Entries follow. Return each line that contains the word "auto".

==== Data records

(* Let $n\in\mathbb{N}$ and $\lambda=0$. The solution of the system $(B)$ starting at $\phi(1,0)$ (i.e. the trajectory in the variables $(\mathcal{L},X_1,X_2,Y_1,Y_2)$ obtained from the solution corresponding to $(\alpha,\beta)=(1,0)$) exists for all large $s$, the functions $\mathcal{L},X_1,X_2,Y_1,Y_2$ all have real limits as $s\to\infty$, and $\lim_{s\to\infty}\mathcal{L}(s)>0$, $\lim_{s\to\infty}X_1(s)=\lim_{s\to\infty}X_2(s)=\lim_{s\to\infty}Y_1(s)=0$, $\lim_{s\to\infty}Y_2(s)>0$.
   Context: Fix $n\in\mathbb{N}$, $\lambda=0$. The $U(2)$-invariant soliton system for $(\xi,L_1,L_2,R_1,R_2)$ as functions of $r$ is: $\xi'=-L_1^2-2L_2^2-\lambda$, $L_1'=-\xi L_1+\frac{R_1^2}{2}-\lambda$, $L_2'=-\xi L_2+R_1R_2-\frac{R_1^2}{2}-\lambda$, $R_1'=R_1(L_1-2L_2)$, $R_2'=-R_2L_1$. Standing fact (standard short-time existence): there are $T>0$ and a continuous $\phi:\mathbb{S}^1\to(1,\infty)\times\mathbb{R}^6$ such that for each $(\alpha,\beta)\in\mathbb{S}^1$ there is a solution of this system on $(0,T]$ (regarded as a solution of the full system with $L_3=L_2$, $R_3=R_2$) with data $\phi(\alpha,\beta)=(\xi,L_1,L_2,L_2,R_1,R_2,R_2)(T)$, satisfying $\alpha=\lim_{r\to0}\frac{\xi-L_1-2L_2}{r}$, $\beta=\lim_{r\to0}\frac{R_1}{r}$; if $\alpha=0$ then $\xi=L_1+2L_2$ and $L_1^2+2L_2^2+2R_1R_2-\frac{R_1^2}{2}-(L_1+2L_2)^2=2\lambda$; if $\beta=0$ then $R_1\equiv0$; if $\beta>0$ then $f_1=1/R_2$, $f_2=f_3=(R_1R_2)^{-1/2}$, $u'=L_1+2L_2-\xi$ give a steady gradient Ricci soliton metric $dr^2+f_1^2\omega_1^2+f_2^2(\omega_2^2+\omega_3^2)$ ($\omega_i$ dual to $u_i/2$) extending smoothly over the singular orbit $\mathbb{S}^2$ of $M=SU(2)\times_{U(1)}\mathbb{R}^2$. This is called the solution corresponding to $(\alpha,\beta)$. Change of variables: where $\xi>0$ set $\mathcal{L}=1/\xi$, $X_i=\mathcal{L}L_i$, $Y_i=\mathcal{L}R_i$, and reparametrise by $s$ with $dr/ds=\mathcal{L}(r(s))$, $r(0)=T$. Then the system $(B)$ holds: $\frac{d\mathcal{L}}{ds}=\mathcal{L}(X_1^2+2X_2^2+\lambda\mathcal{L}^2)$, $\frac{dX_1}{ds}=\frac{Y_1^2}{2}-X_1-\lambda\mathcal{L}^2+X_1(X_1^2+2X_2^2+\lambda\mathcal{L}^2)$, $\frac{dX_2}{ds}=Y_1Y_2-\frac{Y_1^2}{2}-X_2-\lambda\mathcal{L}^2+X_2(X_1^2+2X_2^2+\lambda\mathcal{L}^2)$, $\frac{dY_1}{ds}=Y_1(X_1-2X_2+X_1^2+2X_2^2+\lambda\mathcal{L}^2)$, $\frac{dY_2}{ds}=Y_2(-X_1+X_1^2+2X_2^2+\lambda\mathcal{L}^2)$. ''The solution of $(B)$ starting at $\phi(\alpha,\beta)$'' is the maximal solution of $(B)$ with the initial data at $s=0$ obtained from $\phi(\alpha,\beta)$ by this change of variables. *)

From Stdlib Require Import Reals.
From Coquelicot Require Import Coquelicot.
Open Scope R_scope.

(* The U(2)-invariant soliton system in r (with L3 = L2, R3 = R2), at a point r. *)
Definition rsys_at (lam : R) (xi L1 L2 R1 R2 : R -> R) (r : R) : Prop :=
  is_derive xi r (- (L1 r)^2 - 2 * (L2 r)^2 - lam) /\
  is_derive L1 r (- xi r * L1 r + (R1 r)^2 / 2 - lam) /\
  is_derive L2 r (- xi r * L2 r + R1 r * R2 r - (R1 r)^2 / 2 - lam) /\
  is_derive R1 r (R1 r * (L1 r - 2 * L2 r)) /\
  is_derive R2 r (- R2 r * L1 r).

Definition Bq (lam : R) (Lc X1 X2 : R -> R) (s : R) : R :=
  (X1 s)^2 + 2 * (X2 s)^2 + lam * (Lc s)^2.

Definition Bsys_at (lam : R) (Lc X1 X2 Y1 Y2 : R -> R) (s : R) : Prop :=
  let q := Bq lam Lc X1 X2 s in
  is_derive Lc s (Lc s * q) /\
  is_derive X1 s ((Y1 s)^2 / 2 - X1 s - lam * (Lc s)^2 + X1 s * q) /\
  is_derive X2 s (Y1 s * Y2 s - (Y1 s)^2 / 2 - X2 s - lam * (Lc s)^2 + X2 s * q) /\
  is_derive Y1 s (Y1 s * (X1 s - 2 * X2 s + q)) /\
  is_derive Y2 s (Y2 s * (- X1 s + q)).

Definition Bsol_on (lam : R) (S : Rbar) (Lc X1 X2 Y1 Y2 : R -> R) : Prop :=
  Rbar_lt 0 S /\
  (forall s, 0 < s -> Rbar_lt s S -> Bsys_at lam Lc X1 X2 Y1 Y2 s) /\
  filterlim Lc (at_right 0) (locally (Lc 0)) /\
  filterlim X1 (at_right 0) (locally (X1 0)) /\
  filterlim X2 (at_right 0) (locally (X2 0)) /\
  filterlim Y1 (at_right 0) (locally (Y1 0)) /\
  filterlim Y2 (at_right 0) (locally (Y2 0)).

(* Initial data at s = 0 obtained from the data (xi,L1,L2,R1,R2)(T) by the
   change of variables L = 1/xi, X_i = L L_i, Y_i = L R_i. *)
Definition B_init (xiT L1T L2T R1T R2T : R) (Lc X1 X2 Y1 Y2 : R -> R) : Prop :=
  Lc 0 = / xiT /\ X1 0 = L1T / xiT /\ X2 0 = L2T / xiT /\
  Y1 0 = R1T / xiT /\ Y2 0 = R2T / xiT.

From Stdlib Require Import Reals Lra Psatz.
From Coquelicot Require Import Coquelicot.
Open Scope R_scope.

(* For beta = 0 we have R1 = 0, so (L2^2)' = -2 xi L2^2 <= 0 and L2 -> 0 at r = 0
   force L2 = 0; then xi^2 - L1^2 is constant, and alpha = 1 together with
   r L1 -> 1 shows that the constant is 2.  Hence the data of (B) are
   (1/xi, a, 0, 0, R2/xi)(T) with a = L1/xi and a^2 = 1 - 2/xi^2 < 1.  On the
   invariant set Y1 = X2 = 0 system (B) is solved in closed form, and a Gronwall
   argument on bounded time intervals shows that every solution with these data
   is the closed-form one; its limits as s -> oo are read off directly. *)

Lemma filterlim_Rplus {T} {F : (T -> Prop) -> Prop} {FF : Filter F} (f g : T -> R) a b c :
  filterlim f F (locally a) -> filterlim g F (locally b) -> c = a + b ->
  filterlim (fun x => f x + g x) F (locally c).
Proof.
  intros Hf Hg ->.
  exact (filterlim_comp_2 f g Rplus Hf Hg (filterlim_plus (V := R_NormedModule) a b)).
Qed.

Lemma filterlim_Rminus {T} {F : (T -> Prop) -> Prop} {FF : Filter F} (f g : T -> R) a b c :
  filterlim f F (locally a) -> filterlim g F (locally b) -> c = a - b ->
  filterlim (fun x => f x - g x) F (locally c).
Proof.
  intros Hf Hg ->. apply filterlim_Rplus with a (- b); [exact Hf | | reflexivity].
  exact (filterlim_comp _ _ _ g Ropp F _ _ Hg (filterlim_opp (V := R_NormedModule) b)).
Qed.

Lemma filterlim_Rmult {T} {F : (T -> Prop) -> Prop} {FF : Filter F} (f g : T -> R) a b c :
  filterlim f F (locally a) -> filterlim g F (locally b) -> c = a * b ->
  filterlim (fun x => f x * g x) F (locally c).
Proof.
  intros Hf Hg ->.
  exact (filterlim_comp_2 f g Rmult Hf Hg (filterlim_mult (K := R_AbsRing) a b)).
Qed.

Lemma is_derive_Rmult (f g : R -> R) (x df dg : R) :
  is_derive f x df -> is_derive g x dg ->
  is_derive (fun t => f t * g t) x (df * g x + f x * dg).
Proof. intros Hf Hg. apply (is_derive_mult (K := R_AbsRing)); auto using Rmult_comm. Qed.

Lemma is_derive_Rminus (f g : R -> R) (x df dg : R) :
  is_derive f x df -> is_derive g x dg -> is_derive (fun t => f t - g t) x (df - dg).
Proof. intros Hf Hg. apply (is_derive_minus (V := R_NormedModule)); auto. Qed.

Lemma is_derive_eq_val (f : R -> R) (x l l' : R) : is_derive f x l -> l = l' -> is_derive f x l'.
Proof. intros H <-; exact H. Qed.

Lemma at_right_of_interval (x b : R) (P : R -> Prop) :
  x < b -> (forall y, x < y < b -> P y) -> at_right x P.
Proof.
  intros Hxb HP. exists (mkposreal _ (proj2 (Rlt_0_minus _ _) Hxb)). intros y Hy Hxy.
  change (Rabs (y - x) < b - x) in Hy. apply Rabs_def2 in Hy. apply HP. lra.
Qed.
Lemma actT_teq u x x' (z z' : seq (M * P)) : hrep s t D u x -> hrep s t D u x' ->
  teqMP t z z' -> teqMP t (actT x z) (actT x' z').
Proof.
move=> hx hx' ezz' V f fbal; rewrite !sum_actT.
transitivity (\sum_(r <- z) \sum_(q <- x') f (q.2 *: r.1) (ract r.2 q.1)).
  by apply: eq_bigr => r _; apply: (hrep_unique hx hx' (balancedGal_act r.1 r.2 fbal)).
exact: (ezz' _ _ (balancedMP_act hx' fbal)).
Qed.

Lemma actT1 x (z : seq (M * P)) : hrep s t D 1 x -> teqMP t (actT x z) z.
Proof.
move=> hx V f fbal; rewrite sum_actT; apply: eq_bigr => r _.
rewrite (hrep_unique hx hrep1 (balancedGal_act r.1 r.2 fbal)) big_seq1 /=.
by rewrite scale1r ract1.
Qed.

Lemma actTM u v x y w (z : seq (M * P)) : hrep s t D u x -> hrep s t D v y ->
  hrep s t D (u * v) w -> teqMP t (actT w z) (actT y (actT x z)).
Proof.
move=> hx hy hw V f fbal; rewrite !sum_actT big_allpairs_dep; apply: eq_bigr => r _.
rewrite (hrep_unique hw (hrepM hx hy) (balancedGal_act r.1 r.2 fbal)) big_allpairs_dep /=.
by apply: eq_bigr => qx _; apply: eq_bigr => qy _; rewrite ractM scalerA.
Qed.

Lemma actTD u v x y w (z : seq (M * P)) : hrep s t D u x -> hrep s t D v y ->
  hrep s t D (u + v) w -> teqMP t (actT w z) (actT x z ++ actT y z).
Proof.
move=> hx hy hw V f fbal; rewrite big_cat /= !sum_actT -big_split; apply: eq_bigr => r _.
exact: (hrepD_sum hx hy hw (balancedGal_act r.1 r.2 fbal)).
Qed.

Lemma actT_scalar (c : k) x (z : seq (M * P)) : hrep s t D c%:A x ->
  teqMP t (actT x z) [seq ((c%:A : U) *: r.1, r.2) | r <- z].
Proof.
move=> hx V f fbal; rewrite sum_actT big_map; apply: eq_bigr => r _.
rewrite (hrep_unique hx (hrep_scalar c) (balancedGal_act r.1 r.2 fbal)) big_seq1 /= scale1r.
have -> : (c%:A : U) = t (c *: 1) by rewrite tZ t1.
by case: fbal => _ _ ->.
Qed.
End TensorAction.

Section Associativity.
Variables (g : U -> seq (U * U)) (V : zmodType) (l : U -> U -> U -> V).
Hypothesis hg : forall v, hrep s t D v (g v).
Hypothesis lDl : forall a a' b c, l (a + a') b c = l a b c + l a' b c.
Hypothesis lDm : forall a b b' c, l a (b + b') c = l a b c + l a b' c.
Hypothesis lDr : forall a b c c', l a b (c + c') = l a b c + l a b c'.
Hypothesis l_tm : forall e a b c, l a (t e * b) c = l a b (s e * c).
Hypothesis l_tr : forall e a b c, l (a * t e) b c = l a b (t e * c).

Lemma balancedUU_l a b c : balancedUU (fun x y => l a (x * b) (y * c)).
Proof.
split=> [x y z|x y z|e x y]; [by rewrite mulrDl lDm|by rewrite mulrDl lDr|].
by rewrite -!mulrA l_tm.
Qed.

Definition lDelta b c (x v : U) := \sum_(r <- D v) l x (r.1 * b) (r.2 * c).

Lemma balancedGal_lDelta b c : balancedGal (lDelta b c).
Proof.
split=> [x y z|x y z|e x y].
- by rewrite -big_split; apply: eq_bigr => r _; rewrite lDl.
- exact: (sumDD (balancedUU_l x b c)).
- rewrite /lDelta (sumD_tl (balancedUU_l x b c)); apply: eq_bigr => r _.
  by rewrite l_tr mulrA.
Qed.

(* [ltwist a b c = l (a_+, a_-(1) b, a_-(2) c)], independent of the representative by injectivity
   of the Galois map *)
Definition ltwist a b c := \sum_(y <- g a) lDelta b c y.1 y.2.

Lemma ltwistDl a a' b c : ltwist (a + a') b c = ltwist a b c + ltwist a' b c.
Proof. exact: (hrepD_sum (hg a) (hg a') (hg (a + a')) (balancedGal_lDelta b c)). Qed.

Lemma ltwistDm a b b' c : ltwist a (b + b') c = ltwist a b c + ltwist a b' c.
Proof.
rewrite -big_split; apply: eq_bigr => y _; rewrite -big_split.
by apply: eq_bigr => r _; rewrite mulrDr lDm.
Qed.

Lemma ltwistDr a b c c' : ltwist a b (c + c') = ltwist a b c + ltwist a b c'.
Proof.
rewrite -big_split; apply: eq_bigr => y _; rewrite -big_split.
by apply: eq_bigr => r _; rewrite mulrDr lDr.
Qed.

Lemma ltwist_tm e a b c : ltwist a (t e * b) c = ltwist a b (s e * c).
Proof.
apply: eq_bigr => y _; rewrite /lDelta.
under eq_bigr do rewrite mulrA; rewrite (sumD_takeuchi (balancedUU_l y.1 b c)).
by apply: eq_bigr => r _; rewrite mulrA.
Qed.

Lemma ltwist_tl e a b c : ltwist (t e * a) b c = ltwist a (s e * b) c.
Proof.
rewrite /ltwist (hrep_unique (hg _) (hrep_tl e (hg a)) (balancedGal_lDelta b c)) big_map /=.
apply: eq_bigr => y _; rewrite /lDelta (sumD_sr (balancedUU_l y.1 b c)).
by apply: eq_bigr => r _; rewrite mulrA.
Qed.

========

Exercise solution:
Proof. intros Hf Hg. apply (is_derive_mult (K := R_AbsRing)); auto using Rmult_comm. Qed.
Proof. intros Hf Hg. apply (is_derive_minus (V := R_NormedModule)); auto. Qed.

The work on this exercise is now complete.